Cheia de som, fúria (e sotaque), “Narcos” conta uma história pela metade. Por Kiko Nogueira

Atualizado em 3 de setembro de 2015 às 10:30

 

Três questões emergem de cara para quem assiste “Narcos”: 1) o que é aquele sotaque de Wagner Moura?; 2) o sotaque de Wagner Moura é ruim, mas não atrapalha sua atuação; 3) por que não escalaram um ator que falasse espanhol?
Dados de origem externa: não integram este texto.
Lemma axis_coord_ideal (a w b1 b2 p : 'cV[R]_2) (N : seq 'cV[R]_2) :
  spanning [:: a, w, b1, b2 & N] -> in_span (w :: N) p -> p 1 0 = 1 ->
  exists j, in_span (w :: N) (j *: e0) /\ exists x y z,
    1 = x * axis_coord p a + y * axis_coord p b1 + z * axis_coord p b2 + j.
Proof.
move=> span_all hp p1.
pose M v := exists j, in_span (w :: N) (j *: e0) /\ exists x y z,
  axis_coord p v = x * axis_coord p a + y * axis_coord p b1 + z * axis_coord p b2 + j.
have hM : submodule M.
  split=> [|k u v [j [hj [x [y [z hu]]]]] [j' [hj' [x' [y' [z' hv]]]]]].
    exists 0; split; first by rewrite scale0r; exact: in_span0.
    by exists 0, 0, 0; rewrite /axis_coord !mxE; ring.
  exists (k * j + j'); split.
    by rewrite scalerDl -scalerA; apply: in_spanD => //; exact: in_spanZ.
  exists (k * x + x'), (k * y + y'), (k * z + z').
  have -> : axis_coord p (k *: u + v) = k * axis_coord p u + axis_coord p v.
    by rewrite /axis_coord !mxE; ring.
  by rewrite hu hv; ring.
have M_span u : in_span (w :: N) u -> M u.
  move=> hu; exists (axis_coord p u); split; last by exists 0, 0, 0; ring.
  have -> : axis_coord p u *: e0 = u - u 1 0 *: p.
    by apply: cV2P; rewrite !mxE /= ?p1 /axis_coord; ring.
  by apply: in_spanB => //; exact: in_spanZ.
have M_gen x y z v :
    axis_coord p v = x * axis_coord p a + y * axis_coord p b1 + z * axis_coord p b2 -> M v.
  move=> hv; exists 0; split; first by rewrite scale0r; exact: in_span0.
  by exists x, y, z; rewrite hv addr0.
have [j [hj [x [y [z he0]]]]] : M e0.
  apply: in_span_min hM _ (span_all e0) => v.
  rewrite !inE => /or4P[/eqP->|/eqP->|/eqP->|/orP[/eqP->|hv]].
  - by apply: (M_gen 1 0 0); ring.
  - by apply/M_span/in_span_mem/mem_head.
  - by apply: (M_gen 0 1 0); ring.
  - by apply: (M_gen 0 0 1); ring.
  - by apply/M_span/in_span_mem; rewrite inE hv orbT.
by exists j; split => //; exists x, y, z; rewrite -he0 /axis_coord !mxE /=; ring.
Qed.

Lemma exists_first_column (a w b1 b2 p : 'cV[R]_2) (N : seq 'cV[R]_2) (c : R) :
  spanning [:: a, w, b1, b2 & N] -> in_span (w :: N) p -> p 1 0 = 1 ->
  c != 0 -> in_span (w :: N) (c *: e0) ->
  exists t1 t2, spanning [:: a + t1 *: b1 + t2 *: b2, w & N].
Proof.
move=> span_all hp p1 c0 hc.
have [j [hj [x [y [z hxyz]]]]] := axis_coord_ideal span_all hp p1.
have [c' [c'0 hc' hid]] : exists c', [/\ c' != 0, in_span (w :: N) (c' *: e0) &
    in_ideal [:: axis_coord p a, c' & [:: axis_coord p b1; axis_coord p b2]] 1].
  have [j0 | j0] := eqVneq j 0; [exists c | exists j]; split => //; apply/in_idealP.
    by exists [:: x; 0; y; z]; rewrite !big_ord_recl big_ord0 /= [LHS]hxyz j0; ring.
  by exists [:: x; 1; y; z]; rewrite !big_ord_recl big_ord0 /= [LHS]hxyz; ring.
have [t /in_ideal2[k [l hkl]]] := stable_range_1_5_sum c'0 hid.
have sub : {subset w :: N <= a + t 0 *: b1 + t 1 *: b2 :: w :: N}.
  by move=> u hu; rewrite inE hu orbT.
exists (t 0), (t 1).
apply: (spanning_of_axis (k := k) (l := l) (in_span_sub sub hp) p1 _ (in_span_sub sub hc')).
  exact/in_span_mem/mem_head.
by rewrite [RHS]hkl big_ord2 /axis_coord !mxE /=; ring.
Qed.

Lemma exists_shift_det2_neq0 (a1 w b1 b2 n1 n2 x : 'cV[R]_2) (g : R) :
  g != 0 -> x 1 0 != 0 -> det2 x n1 = 0 -> det2 x n2 = 0 ->
  spanning [:: a1; w; b1; b2; n1; n2] ->
  exists2 z, in_span [:: a1; b1; b2] z & det2 x (w + g *: z) != 0.
Proof.
move=> g0 x0 xn1 xn2 span_all.
have [xw | xw] := eqVneq (det2 x w) 0; last first.
  by exists 0; rewrite ?scaler0 ?addr0 //; exact: in_span0.
have [z hz xz] := spanning_det2_neq0 x0 span_all.
exists z; last by rewrite addrC det2_linear xw addr0 mulf_neq0.
apply: in_span_mem; move: hz xz; rewrite !inE.
by case/or4P => [->|/eqP->|->|/orP[->|/orP[]/eqP->]]; rewrite ?orTb ?orbT ?xw ?xn1 ?xn2 ?eqxx.
Qed.

Lemma spanning_shift_second (a1 a2 w b1 b2 : 'cV[R]_2) (N : seq 'cV[R]_2) :
  in_span [:: a1; b1; b2] (w - a2) ->
  spanning [:: a1, a2, b1, b2 & N] -> spanning [:: a1, w, b1, b2 & N].
Proof.
move=> hw; have -> : w = a2 + (w - a2) by rewrite addrC subrK.
apply: (spanning_shift (gs1 := [:: a1])).
by apply: in_span_sub hw => x; rewrite !inE => /or3P[]->; rewrite ?orbT.
Qed.

Lemma exists_coprime_second_coord (a1 a2 b1 b2 n1 n2 : 'cV[R]_2) (g k1 k2 : R) :
  g != 0 -> n1 1 0 = k1 * g -> n2 1 0 = k2 * g -> spanning [:: a1; a2; b1; b2; n1; n2] ->
  exists2 w, in_span [:: a1; b1; b2] (w - a2) & exists k l, w 1 0 * k + g * l = 1.
Proof.
move=> g0 hk1 hk2 span_all.
have /in_spanP[cs /(congr1 (fun v : 'cV[R]_2 => v 1 0))] := span_all (delta_mx 1 0).
rewrite !(mxE, summxE) !big_ord_recl big_ord0 /= /bump /= !mxE => hcs.
have hid : in_ideal [:: a2 1 0, g & [:: a1 1 0; b1 1 0; b2 1 0]] 1.
  apply/in_idealP; exists [:: cs`_1; cs`_4 * k1 + cs`_5 * k2; cs`_0; cs`_2; cs`_3].
  by rewrite !big_ord_recl big_ord0 /= [LHS]hcs hk1 hk2; ring.
have [t /in_ideal2[k [l hkl]]] := stable_range_1_5_sum g0 hid.
exists (a2 + t 0 *: a1 + t 1 *: b1 + t 2 *: b2).
  have -> : a2 + t 0 *: a1 + t 1 *: b1 + t 2 *: b2 - a2 = t 0 *: a1 + t 1 *: b1 + t 2 *: b2.
    by apply: cV2P; rewrite !mxE; ring.
  by apply: in_spanD; [apply: in_spanD|]; apply/in_spanZ/in_span_mem; rewrite !inE eqxx ?orbT.
by exists k, l; rewrite [RHS]hkl big_ord3 !mxE /=; ring.
Qed.

Lemma exists_second_column (a1 a2 b1 b2 n1 n2 : 'cV[R]_2) :
  (n1 1 0 != 0) || (n2 1 0 != 0) -> spanning [:: a1; a2; b1; b2; n1; n2] ->
  exists2 w, in_span [:: a1; b1; b2] (w - a2) &
    (exists2 p, in_span [:: w; n1; n2] p & p 1 0 = 1) /\
    (exists2 c, c != 0 & in_span [:: w; n1; n2] (c *: e0)).
Proof.
move=> n0 span_all.
have [g [u [v [k1 [k2 [hg hk1 hk2]]]]]] := bezout_gcd2 (n1 1 0) (n2 1 0).
have g0 : g != 0 by apply: contraTneq n0 => g0; rewrite hk1 hk2 g0 !mulr0 eqxx.
pose n' := u *: n1 + v *: n2.
have n'2 : n' 1 0 = g by rewrite !mxE hg.
have hn' w : in_span [:: w; n1; n2] n'.
  by apply: in_spanD; apply/in_spanZ/in_span_mem; rewrite !inE eqxx ?orbT.
have [w0 hw0 [k [l hkl]]] := exists_coprime_second_coord g0 hk1 hk2 span_all.
have span_w0 := spanning_shift_second hw0 span_all.
have [z hz hdz] : exists2 z, in_span [:: a1; b1; b2] z &
    det2 n1 n2 != 0 \/ det2 n' (w0 + g *: z) != 0.
  have [D|D] := eqVneq (det2 n1 n2) 0; last by exists 0; [exact: in_span0 | left].
  have n'n1 : det2 n' n1 = 0.
    rewrite /n' /det2 !mxE; transitivity (- v * det2 n1 n2); last by rewrite D mulr0.
    by rewrite /det2; ring.
  have n'n2 : det2 n' n2 = 0.
    rewrite /n' /det2 !mxE; transitivity (u * det2 n1 n2); last by rewrite D mulr0.
    by rewrite /det2; ring.
  have [|z hz] := exists_shift_det2_neq0 g0 _ n'n1 n'n2 span_w0; first by rewrite n'2.
  by exists z => //; right.
exists (w0 + g *: z); first by rewrite addrAC; apply: in_spanD => //; exact: in_spanZ.
split.
  exists (k *: (w0 + g *: z) + (l - k * z 1 0) *: n'); last by rewrite !mxE -hg -hkl; ring.
  by apply: in_spanD; apply: in_spanZ; [exact/in_span_mem/mem_head | exact: hn'].
case: hdz => D; [exists (det2 n1 n2) | exists (det2 n' (w0 + g *: z))] => //.
  by apply: det2_in_span; apply: in_span_mem; rewrite !inE eqxx ?orbT.
by apply: det2_in_span; [exact: hn' | exact/in_span_mem/mem_head].
Qed.

Lemma spanning_stable_range2 (a1 a2 b1 b2 n1 n2 : 'cV[R]_2) :
  (n1 1 0 != 0) || (n2 1 0 != 0) -> spanning [:: a1; a2; b1; b2; n1; n2] ->
  exists t11 t21 t12 t22,
    spanning [:: a1 + t11 *: b1 + t21 *: b2; a2 + t12 *: b1 + t22 *: b2; n1; n2].
Proof.
move=> n0 span_all.
have [w hw [[p hp p1] [c c0 hc]]] := exists_second_column n0 span_all.
have [t11 [t21 span1]] := exists_first_column (spanning_shift_second hw span_all) hp p1 c0 hc.
have /in_spanP[cs] := hw; rewrite big_ord3 /= => /(canRL (subrK a2)) hw2.
exists t11, t21, (cs`_1 - cs`_0 * t11), (cs`_2 - cs`_0 * t21).
have -> : a2 + (cs`_1 - cs`_0 * t11) *: b1 + (cs`_2 - cs`_0 * t21) *: b2 =
    w + (- cs`_0) *: (a1 + t11 *: b1 + t21 *: b2).
  by rewrite hw2; apply: cV2P; rewrite !mxE; ring.
apply: (spanning_shift (gs1 := [:: _])) span1.
by apply/in_spanZ/in_span_mem/mem_head.
Qed.

Lemma mat2_stable_range_row1 (A B C : 'M[R]_2) : (C 1 0 != 0) || (C 1 1 != 0) ->
  left_coprime3 A B C -> exists T, left_coprime (A + B * T) C.
Proof.
move=> C1 [X [Y [Z hXYZ]]].
have span_ABC : spanning (cols A ++ cols B ++ cols C).
  by apply: (spanning_of_mulmx (X := X) (Y := Y) (Z := Z)); rewrite !mulmxE.
rewrite !cols2 /= in span_ABC.
have [|t11 [t21 [t12 [t22 span_T]]]] := spanning_stable_range2 _ span_ABC; first by rewrite !mxE.
exists (mx22 t11 t12 t21 t22); rewrite /left_coprime -!mulmxE; apply: mulmx_of_spanning.
by rewrite !cols2 /= !col_add_mul2 !mxE.
Qed.

Lemma mat2_stable_range_1_5_bezout : mat2_stable_range_1_5 R.
Proof.
move=> A B C C0 hABC; have [C1 | C1] := boolP ((C 1 0 != 0) || (C 1 1 != 0)).
  exact: mat2_stable_range_row1.
pose P : 'M[R]_2 := mx22 0 1 1 0.
have uP : P \is a GRing.unit.
  by apply/unitrP; exists P; split; apply: mx2P; rewrite !mulmx2E !mxE /=; ring.
have [|T hT] := mat2_stable_range_row1 _ (left_coprime3_mull uP hABC).
  rewrite !mulmx2E !mxE /= !mul1r !mul0r !addr0.
  apply: contraNT C0 => /norP[/negPn/eqP C00 /negPn/eqP C01].
  by move: C1 => /norP[/negPn/eqP C10 /negPn/eqP C11]; apply/eqP/mx2P; rewrite !mxE.
by exists T; apply: (left_coprime_mull uP); rewrite mulrDr mulrA.
Qed.
End BezoutStableRange.

Lemma stable_range_1_5_of_mat2 (R : comNzRingType) : mat2_stable_range_1_5 R -> stable_range_1_5 R.
Proof.
move=> srM a b c c0 /in_idealP[cs]; rewrite big_ord3 /= => habc.
pose A := mx22 a 0 0 1; pose B := mx22 b 0 0 0; pose C : 'M[R]_2 := c%:M.
have C0 : C != 0 by apply: contraNneq c0 => /matrixP/(_ 0 0)/eqP; rewrite !mxE.
have [|T [X [Y h]]] := srM A B C C0.
  exists (mx22 cs`_0 0 0 1), (mx22 cs`_1 0 0 0), (mx22 cs`_2 0 0 0).
  by apply: mx2P; rewrite !(mulmx2E, mxE) /=; [rewrite [RHS]habc | | |]; ring.
have := congr1 (fun M : 'M[R]_2 => M 1 0) h; have := congr1 (fun M : 'M[R]_2 => M 0 0) h.
rewrite !(mulmx2E, mxE) /= ?mulr0n ?mulr1n => h00 h10.
have X10 : X 1 0 = - (c * Y 1 0) by rewrite -[LHS]subr0 -[in LHS]h10; ring.
exists (T 0 0); apply/in_ideal2; exists (X 0 0), (Y 0 0 - b * T 0 1 * Y 1 0).
by rewrite -[LHS]h00 X10; ring.
Qed.

Theorem theorem2p20 (R : idomainType) :
  bezout_domain R -> (mat2_stable_range_1_5 R <-> stable_range_1_5 R).
Proof.
move=> bezoutR; split; first exact: stable_range_1_5_of_mat2.
exact: mat2_stable_range_1_5_bezout.
Qed.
Passado esse momento de estranheza, a nova série da Netflix satisfaz a sede do espectador que procura uma história cheia de ação, bem filmada, com tiros, pancadaria, um pouco de sexo e, claro, drogas.

Mas que não sai do chão.

Moura é Pablo Escobar, o traficante de cocaína que, nos anos 80, montou um império do crime à frente do infame cartel de Medellín, na Colômbia. Antes dos 30, já era o homem mais poderoso do país. Estendeu seus tentáculos até Miami e invadiu o maior mercado consumidor do mundo. Foi então que a agência nacional antidrogas americana (DEA) decidiu caça-lo.

Escobar é uma figura fascinante. Um tiozão barrigudo, um caseiro de sítio que se transforma num monstro. O que o leva a isso? Como um contrabandista de eletrodomésticos se transforma em Scarface?

“Narcos” não tenta dar uma resposta.

Quem faz a narração é o policial sem graça destacado para perseguir Escobar, Steve Murphy. O duelo entre ele e Escobar toma conta da narrativa. Na ânsia de estabelecer diferenças, um deles é honesto, loiro, atlético, fiel, casado com uma mulher de bom coração dona de um gato que vai até trabalhar como voluntária num hospital colombiano.

O oposto completo do vilão Escobar, com seu cabelo ruim, o bigode ridículo, as calças baggy e a obesidade. Escobar tem uma amante e mata inocentes. É um corrupto absoluto, filho de um lugar corrupto.

A Colômbia de “Narcos” se resume a florestas, onde ficam as refinarias de coca, e favelas. Nelas vivem prostitutas, guerrilheiros cabeça oca que “leram Marx demais”, políticos ladrões e padres comunistas da Teologia da Libertação. É um milagre como aquela desgraça sobreviveu.

Milagre, não. Foi graças à intervenção do pessoal da DEA, que acabou com a palhaçada e deu um jeito na indiarada.

A certa altura, Murphy e seu parceiro Peña vão parar no interrogatório de um bandido. O cara está no pau de arara. Murphy fica chocado com a tortura e se retira. Ficamos combinados que esse tipo de expediente foi inventado ali, portanto.

Em outra sequencia, numa conversa com a embaixadora em Bogotá, ela explica que “os Estados Unidos não interferem em assuntos internos” de outros países. Então, tá.

O carisma de Moura faz com que se sinta alguma espécie de empatia para com Escobar. Mas ela não avança. Não há motivo para sua desumanização. Escobar quer ser presidente — o “Robin Hood colombiano”. Isso é tudo o que temos.

Tome como exemplo Walter White, anti herói da fabulosa “Breaking Bad”, o pacato professor de química que vira chefão do tráfico. Você acaba torcendo por White porque você entende White. Há uma dose de complexidade necessária.

“Narcos” apresenta diversas imagens de TV da época. Além do verdadeiro Pablo Escobar, há cenas dos atentados que ele promoveu, bem como de confrontos militares, num belo esforço documental.

O pano de fundo é a falência da chamada Guerra às Drogas, declarada pelo casal Reagan. Numa entrevista à DW, o diretor José Padilha afirma que “uma política de combate às drogas que se concentra apenas na oferta cai num drama recorrente. É uma guerra que nunca acaba, porque a demanda continua lá.”

Padilha encontrou uma saída para explicar a complexidade da trajetória de Pablo Escobar (ou escapar dela). “Há uma razão para o realismo fantástico ter nascido na Colômbia”, Murphy diz (em que pese um tira conhecer uma escola literária sul-americana, mas vamolá). “É um país onde os sonhos e a realidade se misturam. Onde, em sua cabeça, as pessoas voam alto como Ícaro. Mas até o realismo fantástico tem seus limites”.

É uma apropriação tola e indevida. “Narcos” é bom entretenimento — que não decola. E a culpa não é de Ícaro, de García Márquez ou do quase portunhol abaianado de Wagner Moura.